LinkHow do you publish video that quickly?

A “Gordian knot” is an intractable problem. Around 2500 years ago, an ox-cart was supposedly tied to a post in ancient Phrygia with a famously intricate knot, for somewhat inscrutable reasons. An oracle had said that whoever untied the knot would rule Asia, and so when Alexander the Great came to Phrygia, he obviously took on the challenge. When he couldn’t untie it the traditional way, he pulled out his sword to cut the knot. “Cutting the Gordian knot” means solving a seemingly impossible problem by reframing or sidestepping the problem.
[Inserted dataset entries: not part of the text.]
(* Let $M=\mathbb{R}/\mathbb{Z}$ with metric $d_M(x,y)=\inf|\tilde x-\tilde y|$ over representatives, $\pi_M:\mathbb{R}\to M$ the projection and $I_0=\pi_M([\tfrac14,\tfrac34])$. Let $f_0:M\to M$ be a $\mathscr{C}^r$ diffeomorphism ($r\ge1$) with $f_0(x)=\tfrac12x+\tfrac14\bmod1$ on $I_0$. Let $\Omega$ be a set, $\theta:\Omega\to\Omega$ a map, $\kappa:\Omega\to[-1,1]$ a function, $0<\epsilon<\tfrac18$, $f_\omega(x)=f_0(x)+\epsilon\kappa(\omega)\bmod1$, and $f^{(n)}_\omega=f_{\theta^{n-1}\omega}\circ\cdots\circ f_\omega$ ($f^{(0)}_\omega=\mathrm{id}_M$). For $\omega\in\Omega$ let $X_\omega$ be the unique fixed point of $f_\omega|_{I_0}:I_0\to I_0$ (namely $X_\omega=\pi_M(\tfrac12+2\epsilon\kappa(\omega))$). Then for all $n\in\mathbb{N}_0$, $x\in I_0$ and $\omega,\omega'\in\Omega$, $$d_M\bigl(f^{(n)}_\omega(x),X_{\omega'}\bigr)\le\frac1{2^n}+6\epsilon\max_{0\le j\le n-1}\bigl|\kappa(\theta^j\omega)-\kappa(\omega')\bigr|.$$ *)

From Stdlib Require Import Reals Lra Lia List.
From Coquelicot Require Import Coquelicot.
Open Scope R_scope.

(* The circle M = R/Z, represented by the canonical representatives in [0,1). *)
Definition M : Type := { x : R | 0 <= x < 1 }.

Lemma frac_in_01 (x : R) : 0 <= x - IZR (Int_part x) < 1.
Proof. destruct (base_Int_part x) as [H1 H2]; lra. Qed.

Definition piM (x : R) : M := exist _ (x - IZR (Int_part x)) (frac_in_01 x).

Definition dM (x y : M) : R :=
  real (Glb_Rbar (fun t => exists k : Z, t = Rabs (proj1_sig x - proj1_sig y + IZR k))).

Definition I0 (x : M) : Prop := 1/4 <= proj1_sig x <= 3/4.

Definition Cr (r : nat) (F : R -> R) : Prop :=
  forall k : nat, (k <= r)%nat -> forall x : R,
    ex_derive_n F k x /\ continuous (Derive_n F k) x.

(* f : M -> M is a C^r diffeomorphism of the circle: f is bijective and has
   a C^r lift F : R -> R (pi_M (F x) = f (pi_M x)) with nowhere vanishing
   derivative (so that f^{-1} is C^r as well, by the inverse function theorem). *)
Definition circle_Cr_diffeo (r : nat) (f : M -> M) : Prop :=
  (forall x y : M, f x = f y -> x = y) /\
  (forall y : M, exists x : M, f x = y) /\
  exists F : R -> R,
    (forall x : R, piM (F x) = f (piM x)) /\
    Cr r F /\
    (forall x : R, Derive F x <> 0).

Definition fom {Omega : Type} (f0 : M -> M) (eps : R) (kappa : Omega -> R)
  (w : Omega) (x : M) : M :=
  piM (proj1_sig (f0 x) + eps * kappa w).

Fixpoint fcomp {Omega : Type} (f0 : M -> M) (eps : R) (kappa : Omega -> R)
  (theta : Omega -> Omega) (n : nat) (w : Omega) (x : M) : M :=
  match n with
  | O => x
  | S m => fcomp f0 eps kappa theta m (theta w) (fom f0 eps kappa w x)
  end.

Definition maxdev {Omega : Type} (kappa : Omega -> R) (theta : Omega -> Omega)
  (n : nat) (w w' : Omega) : R :=
  fold_right Rmax 0
    (map (fun j => Rabs (kappa (Nat.iter j theta w) - kappa w')) (seq 0 n)).

From Stdlib Require Import Reals Lra Lia List.
From Coquelicot Require Import Coquelicot.
Open Scope R_scope.

(* On I_0 every f_w is the affine map a |-> a/2 + 1/4 + eps kappa(w), which maps I_0
   into itself because |eps kappa(w)| < 1/8. Two such maps with parameters k and k'
   differ by a contraction of ratio 1/2 plus eps |k - k'|, so iterating against the
   fixed point c of f_{w'} gives |f^(n)_w(x) - c| <= |x - c| / 2^n + 2 eps maxdev,
   which is stronger than the claim since |x - c| <= 1/2. *)

Lemma piM_id (y : R) : 0 <= y < 1 -> proj1_sig (piM y) = y.
Proof.
  intros Hy; simpl.
  destruct (base_Int_part y) as [H1 H2].
  assert (Hz : Int_part y = 0%Z).
  { assert ((Int_part y < 1)%Z) by (apply lt_IZR; lra).
    assert ((-1 < Int_part y)%Z) by (apply lt_IZR; simpl; lra).
    lia. }
  rewrite Hz; simpl; lra.
Qed.

Lemma dM_le_Rabs (x y : M) : dM x y <= Rabs (proj1_sig x - proj1_sig y).
Proof.
  unfold dM.
  set (E := fun t => exists k : Z, t = Rabs (proj1_sig x - proj1_sig y + IZR k)).
  destruct (Glb_Rbar_correct E) as [Hlb Hglb].
  assert (Hle : Rbar_le (Glb_Rbar E) (Rabs (proj1_sig x - proj1_sig y))).
  { apply Hlb. exists 0%Z. simpl. f_equal. ring. }
  assert (Hge0 : Rbar_le 0 (Glb_Rbar E)).
  { apply Hglb. intros t [k ->]. apply Rabs_pos. }
  destruct (Glb_Rbar E); simpl in *; try contradiction; lra.
Qed.

Lemma fold_right_Rmax_ge_init (l : list R) (a : R) : a <= fold_right Rmax a l.
Proof.
  induction l as [|h l IHl]; simpl; [lra|].
  eapply Rle_trans; [apply IHl | apply Rmax_r].
Qed.

Section Maxdev.

Context {Omega : Type}.
Variables (kappa : Omega -> R) (theta : Omega -> Omega).

Lemma maxdev_ge0 n w w' : 0 <= maxdev kappa theta n w w'.
Proof. apply fold_right_Rmax_ge_init. Qed.

Lemma maxdev_S n w w' :
  maxdev kappa theta (S n) w w'
  = Rmax (maxdev kappa theta n w w') (Rabs (kappa (Nat.iter n theta w) - kappa w')).
Proof.
  unfold maxdev. rewrite seq_S, map_app, fold_right_app; simpl.
  induction (map _ (seq 0 n)) as [|h l IHl]; simpl.
  - pose proof (Rabs_pos (kappa (Nat.iter n theta w) - kappa w')).
    rewrite Rmax_left, Rmax_right; lra.
  - rewrite IHl, Rmax_assoc. reflexivity.
Qed.

End Maxdev.

Lemma fcomp_S {Omega : Type} f0 eps (kappa : Omega -> R) theta n w x :
  fcomp f0 eps kappa theta (S n) w x =
  fom f0 eps kappa (Nat.iter n theta w) (fcomp f0 eps kappa theta n w x).
Proof.
  revert w x. induction n as [|n IHn]; intros w x; [reflexivity|].
  change (fcomp f0 eps kappa theta (S (S n)) w x) with
    (fcomp f0 eps kappa theta (S n) (theta w) (fom f0 eps kappa w x)).
  rewrite IHn, <- Nat.iter_succ_r. reflexivity.
Qed.

Lemma affine_half_step (eps a c k k' : R) : 0 <= eps ->
  Rabs ((a / 2 + 1/4 + eps * k) - (c / 2 + 1/4 + eps * k'))
  <= Rabs (a - c) / 2 + eps * Rabs (k - k').
Proof.
  intros Heps.
  replace (a / 2 + 1/4 + eps * k - (c / 2 + 1/4 + eps * k'))
    with ((a - c) / 2 + eps * (k - k')) by field.
  eapply Rle_trans; [apply Rabs_triang|].
  unfold Rdiv. rewrite !Rabs_mult, (Rabs_pos_eq eps Heps), (Rabs_pos_eq (/2)) by lra.
  lra.
Qed.

Section OnI0.

Context {Omega : Type}.
Variables (theta : Omega -> Omega) (kappa : Omega -> R).
Variables (f0 : M -> M) (eps : R).
Hypothesis hf0I : forall x : M, I0 x -> f0 x = piM (proj1_sig x / 2 + 1/4).
Hypothesis hkappa : forall w : Omega, -1 <= kappa w <= 1.
Hypothesis heps : 0 < eps < 1/8.

Lemma fom_on_I0 w x : I0 x ->
  proj1_sig (fom f0 eps kappa w x) = proj1_sig x / 2 + 1/4 + eps * kappa w
  /\ I0 (fom f0 eps kappa w x).
Proof.
  unfold I0, fom. intros Hx.
  rewrite (hf0I x Hx), (piM_id (proj1_sig x / 2 + 1/4)) by lra.
  assert (-eps <= eps * kappa w <= eps) by (specialize (hkappa w); nra).
  rewrite piM_id by lra. split; [reflexivity | lra].
Qed.

Lemma fcomp_dist_fixed_point (w' : Omega) (c : R) :
  c = c / 2 + 1/4 + eps * kappa w' ->
  forall n w x, I0 x ->
    I0 (fcomp f0 eps kappa theta n w x) /\
    Rabs (proj1_sig (fcomp f0 eps kappa theta n w x) - c)
      <= Rabs (proj1_sig x - c) / 2 ^ n + 2 * eps * maxdev kappa theta n w w'.
Proof.
  intros Hc n w x Hx. induction n as [|n [HI Hb]].
  - unfold maxdev; simpl. split; [exact Hx | lra].
  - rewrite fcomp_S.
    destruct (fom_on_I0 (Nat.iter n theta w) _ HI) as [Hval HI'].
    split; [exact HI'|].
    rewrite Hval, Hc at 1.
    eapply Rle_trans; [apply affine_half_step; lra|].
    rewrite maxdev_S.
    pose proof (Rmax_l (maxdev kappa theta n w w')
                       (Rabs (kappa (Nat.iter n theta w) - kappa w'))).
    pose proof (Rmax_r (maxdev kappa theta n w w')
                       (Rabs (kappa (Nat.iter n theta w) - kappa w'))).
    pose proof (maxdev_ge0 kappa theta n w w').
    simpl pow. unfold Rdiv in *. rewrite Rinv_mult. nra.
Qed.

End OnI0.

Theorem lemma2p1
  (r : nat) (hr : (1 <= r)%nat) (f0 : M -> M)
  (hf0 : circle_Cr_diffeo r f0)
  (hf0I : forall x : M, I0 x -> f0 x = piM (proj1_sig x / 2 + 1/4))
  (Omega : Type) (theta : Omega -> Omega) (kappa : Omega -> R)
  (hkappa : forall w : Omega, -1 <= kappa w <= 1)
  (eps : R) (heps : 0 < eps < 1/8)
  (X : Omega -> M)
  (hX : forall w : Omega, I0 (X w) /\ fom f0 eps kappa w (X w) = X w)
  (hXuniq : forall (w : Omega) (y : M), I0 y -> fom f0 eps kappa w y = y -> y = X w) :
  forall (n : nat) (x : M) (w w' : Omega), I0 x ->
    dM (fcomp f0 eps kappa theta n w x) (X w')
      <= 1 / 2 ^ n + 6 * eps * maxdev kappa theta n w w'.
Proof.
  intros n x w w' Hx.
  destruct (hX w') as [HXI HXfix].
  set (c := proj1_sig (X w')).
  assert (Hc : c = c / 2 + 1/4 + eps * kappa w').
  { unfold c at 1. rewrite <- HXfix. exact (proj1 (fom_on_I0 _ _ _ hf0I hkappa heps w' _ HXI)). }
  destruct (fcomp_dist_fixed_point theta _ _ _ hf0I hkappa heps _ _ Hc n w _ Hx) as [_ Hdist].
  assert (Hxc : Rabs (proj1_sig x - c) <= 1) by (unfold I0, c in *; apply Rabs_le; lra).
  assert (Hpow : 0 < / 2 ^ n) by (apply Rinv_0_lt_compat, pow_lt; lra).
  pose proof (maxdev_ge0 kappa theta n w w').
  eapply Rle_trans; [apply dM_le_Rabs|]. fold c.
  unfold Rdiv in *. nra.
Qed.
A standard video publishing workflow looks like this:

Steps in this diagram happen serially. Video is uploaded to storage, then sent to a transcoder, then sent back to storage for playback. This transcoding step is computationally intensive and slow. This isn’t ideal; what you really want, if you care about user experience, is instant transcoding. But instant transcoding is an intractable problem — a computational Gordian knot.

Before starting Mux, I co-founded a company called Zencoder, which was one of the first cloud-based video transcoding products. Our system worked exactly like that diagram.

Back at Zencoder, we had two ideas that we never implemented.

First: What if we break every incoming video into smaller chunks (say, 10 seconds), and process them in parallel?

Second: What if we could stream video into and out of a transcoder, so that instead of waiting for transcoding to finish, a video could be watched while it was being transcoded?

When we built Mux Video, we implemented both of these ideas. We call this just-in-time (JIT) transcoding. Effectively, when frames of video leave the transcoder, they’re streamed out before the rest of the file is complete. This means our publishing workflow looks like this:

So how do you transcode video 100x faster? The answer is you don’t — you cheat. You sidestep the problem by eliminating the need to pre-transcode video in the first place.

LinkWhat else do we do with JIT transcoding?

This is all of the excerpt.